Count occurrences of each score

Parameters:
  • frame_size (int) – Size of matrix loaded each time. Larger requires more memory and smaller is slower.
  • raw_score (bool) – Return raw int16 score or fraction score
Returns:

Score and number of occurrences

Return type:

Tuple[(str, int)]

find(frag_id, cutoff, limit)[source]

Find fragment hits which has a similarity score with frag_id above cutoff.

Parameters:
  • frag_id (int) – query fragment identifier
  • cutoff (float) – Cutoff, similarity scores below cutoff are discarded.
  • limit (int) – Maximum number of hits. Default is None for no limit.
Returns:

Where first tuple value is hit fragment identifier and second value is similarity score

Return type:

List[Tuple]

keep(other, keep)[source]

Copy pairs from self to other and keep given fragment identifiers and the identifiers they pair with.

Parameters:
  • other (PairsTable) – Pairs table to fill
  • keep (set[int]) – Fragment identifiers to keep
Returns:

Fragment identifiers that have been copied to other

Return type:

set[int]

skip(other, skip)[source]

Copy content from self to other and skip given fragment identifiers

Parameters:
  • other (PairsTable) – Pairs table to fill
  • skip (set[int]) – Fragment identifiers to skip
update(similarities_iter, label2id)[source]
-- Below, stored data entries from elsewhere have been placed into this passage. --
Lemma potential_step o x r : (forall l q, o l = Some q -> in_ring l q = true) ->
  sumR (fun l => if in_ring l r then trunc_dist l (o l) (Some r) else 0) L
  + potential r (fun l => if in_ring l r then Some r else o l) - potential x o
  <= 6 * d x r.
Proof.
  intros Ho. unfold potential. pose proof (dist_nonneg x r).
  assert (Hring : sumR (fun l => if in_ring l r then d x r else 0) L <= INR 1 * d x r).
  { apply (sumR_le_support Z.eq_dec _ _ [ring_of r]); auto.
    - intros l _. destruct in_ring; lra.
    - intros l _ Hl. destruct in_ring eqn:Er; [|lra].
      exfalso. apply Hl. apply in_ring_true in Er as [_ <-]. now left. }
  assert (Hnear : sumR (fun l => if near_dec l (d s x) then d x r else 0) L <= INR 3 * d x r).
  { set (f := log2_floor (d s x)).
    apply (sumR_le_support Z.eq_dec _ _ [(f - 2)%Z; (f - 1)%Z; f]); auto.
    - intros l _. destruct near_dec; lra.
    - intros l _ Hl. destruct near_dec as [Hn|]; [|lra].
      exfalso. apply Hl. apply near_log2_floor in Hn. fold f in Hn.
      assert (Hl3 : l = (f - 2)%Z \/ l = (f - 1)%Z \/ l = f) by lia.
      destruct Hl3 as [-> | [-> | ->]]; simpl; auto. }
  assert (Hramp : Rabs (d s r - d s x) <= d x r).
  { apply Rabs_le. pose proof (dist_triangle s x r). pose proof (dist_triangle s r x).
    rewrite (dist_sym r x) in *. lra. }
  pose proof (sum_ramp_dist_le L (d s x) (d s r) HL).
  assert (Hstep : sumR (fun l => (if in_ring l r then trunc_dist l (o l) (Some r) else 0)
      + ring_potential l (if in_ring l r then Some r else o l) r - ring_potential l (o l) x) L
      <= 5 * d x r).
  { eapply Rle_trans.
    { apply sumR_le. intros l _. apply ring_potential_step. apply Ho. }
    rewrite !sumR_add. simpl INR in *. lra. }
  unfold Rminus in Hstep. rewrite !sumR_add, sumR_opp in Hstep.
  pose proof (dist_triangle s x r). lra.
Qed.

Definition servers_potential (J : list nat) (c : config M) (cl : Z -> config (option M)) : R :=
  sumR (fun j => potential (c j) (fun l => cl l (S j))) J.

Lemma servers_potential_upd J c cl j r (fl : Z -> nat) : NoDup J -> In j J ->
  (forall l, fl l = if in_ring l r then S j else 0%nat) ->
  servers_potential J (upd c j r) (fun l => upd (cl l) (fl l) (proj_ring l r))
  = servers_potential J c cl
    + (potential r (fun l => if in_ring l r then Some r else cl l (S j))
       - potential (c j) (fun l => cl l (S j))).
Proof.
  intros HJ Hj Hfl. unfold servers_potential.
  rewrite (sumR_update (fun j => potential (c j) (fun l => cl l (S j))) _ J j HJ Hj).
  - rewrite upd_same. do 2 f_equal. apply potential_ext. intros l.
    unfold proj_ring. rewrite Hfl.
    destruct (in_ring l r); [apply upd_same | rewrite upd_other; auto].
  - intros j' Hj'. rewrite upd_other by exact Hj'. apply potential_ext.
    intros l. rewrite Hfl, upd_other; [reflexivity|].
    destruct (in_ring l r); lia.
Qed.

End Potential.

Definition ring_states_ok (cl : Z -> config (option M)) : Prop :=
  (forall l, cl l 0%nat = None) /\ (forall l j q, cl l (S j) = Some q -> in_ring l q = true).

Lemma ring_states_ok_upd cl j r (fl : Z -> nat) : ring_states_ok cl ->
  (forall l, fl l = if in_ring l r then S j else 0%nat) ->
  ring_states_ok (fun l => upd (cl l) (fl l) (proj_ring l r)).
Proof.
  intros [Hcl0 Hcl] Hfl. split.
  - intros l. unfold proj_ring. rewrite Hfl.
    destruct (in_ring l r); [rewrite upd_other by lia; apply Hcl0 | apply upd_same].
  - intros l j' q. destruct (Nat.eq_dec (S j') (fl l)) as [E | E].
    + rewrite E, upd_same. unfold proj_ring. destruct (in_ring l r) eqn:Er; [|discriminate].
      now intros [= <-].
    + rewrite upd_other by exact E. apply Hcl.
Qed.

(* Server [S j] of every ring shadows server [j] of [M]; server [0] of every ring stays at
   the source and serves the requests lying outside the ring. *)
Lemma ring_costs_le_amortized L J f fl : NoDup L -> NoDup J -> forall sg k c cl,
  ring_states_ok cl ->
  Forall_indexed (fun k r =>
    In (f k) J /\ forall l, fl l k = if in_ring l r then S (f k) else 0%nat) k sg ->
  sumR (fun l => serve_cost (trunc_dist l) (fl l) k (cl l) (map (proj_ring l) sg)) L
  <= 6 * serve_cost d f k c sg + servers_potential L J c cl.
Proof.
  intros HL HJ sg. induction sg as [|r sg IH]; intros k c cl Hcl Hsg.
  - simpl. rewrite sumR_eq0 by auto.
    assert (0 <= servers_potential L J c cl)
      by (apply sumR_nonneg; intros; apply potential_nonneg, HL). lra.
  - destruct Hsg as [[HfJ Hfl] Hrest]. cbn [serve_cost map]. rewrite sumR_add.
    pose proof (IH (S k) (upd c (f k) r) _
                  (ring_states_ok_upd cl (f k) r (fun l => fl l k) Hcl Hfl) Hrest) as Hrec.
    cbv beta in Hrec.
    rewrite (servers_potential_upd L J c cl (f k) r (fun l => fl l k) HJ HfJ Hfl) in Hrec.
    assert (Hcost : sumR (fun l => trunc_dist l (cl l (fl l k)) (proj_ring l r)) L
      = sumR (fun l => if in_ring l r then trunc_dist l (cl l (S (f k))) (Some r) else 0) L).
    { apply sumR_ext. intros l _. unfold proj_ring. rewrite Hfl.
      destruct (in_ring l r); [reflexivity | now rewrite (proj1 Hcl)]. }
    pose proof (potential_step L HL (fun l => cl l (S (f k))) (c (f k)) r
                  (fun l q => proj2 Hcl l (f k) q)).
    lra.
Qed.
Store pairs of fragment identifier with their similarity score

Parameters:
  • similarities_iter (Iterator) – Iterator which yields (label1, label2, similarity_score)
  • label2id (Dict) – Lookup with fragment label as key and fragment identifier as value
class kripodb.hdf5.SimilarityMatrix(filename, mode='r', expectedpairrows=None, expectedlabelrows=None, cache_labels=False, **kwargs)[source]

Similarity matrix

Parameters:
  • filename (str) – File name of hdf5 file to write or read similarity matrix from
  • mode (str) – Can be ‘r’ for reading or ‘w’ for writing
  • expectedpairrows (int) – Expected number of pairs to be added. Required when similarity matrix is opened in write mode, helps optimize storage
  • expectedlabelrows (int) – Expected number of labels to be added. Required when similarity matrix is opened in write mode, helps optimize storage
  • cache_labels (bool) – Cache labels, speed up label lookups
h5file

tables.File – Object representing an open hdf5 file

pairs

PairsTable – HDF5 Table that contains pairs

labels

LabelsLookup – Table to look up label of fragment by id or id of fragment by label

append(other)[source]

Append data from other similarity matrix to me

Parameters:other (SimilarityMatrix) – Other similarity matrix
close()[source]

Closes the hdf5file

count(frame_size, raw_score=False, lower_triangle=False)[source]

Count occurrences of each score

Parameters:
  • frame_size (int) – Size of matrix loaded each time. Larger requires more memory and smaller is slower.
  • raw_score (bool) – Return raw int16 score or fraction score
  • lower_triangle (bool) – Dummy argument to force same interface for thawed and frozen matrix
Returns:

Score and number of occurrences

Return type:

(str, int)

find(query, cutoff, limit=None)[source]

Find similar fragments to query.

Parameters:
  • query (str) – Query fragment identifier
  • cutoff (float) – Cutoff, similarity scores below cutoff are discarded.
  • limit (int) – Maximum number of hits. Default is None for no limit.
Yields:

(str, float) – Hit fragment idenfier and similarity score

keep(other, keep)[source]

Copy content of self to other and only keep given fragment labels and the labels they pair with

Parameters:
skip(other, skip)[source]

Copy content of self to other and skip all given fragment labels

Parameters:
update(similarities_iter, label2id)[source]

Store pairs of fragment identifier with their similarity score and label 2 id lookup

Parameters:
  • similarities_iter (iterator) – Iterator which yields (label1, label2, similarity_score)
  • label2id (dict) – Dictionary with fragment label as key and fragment identifier as value.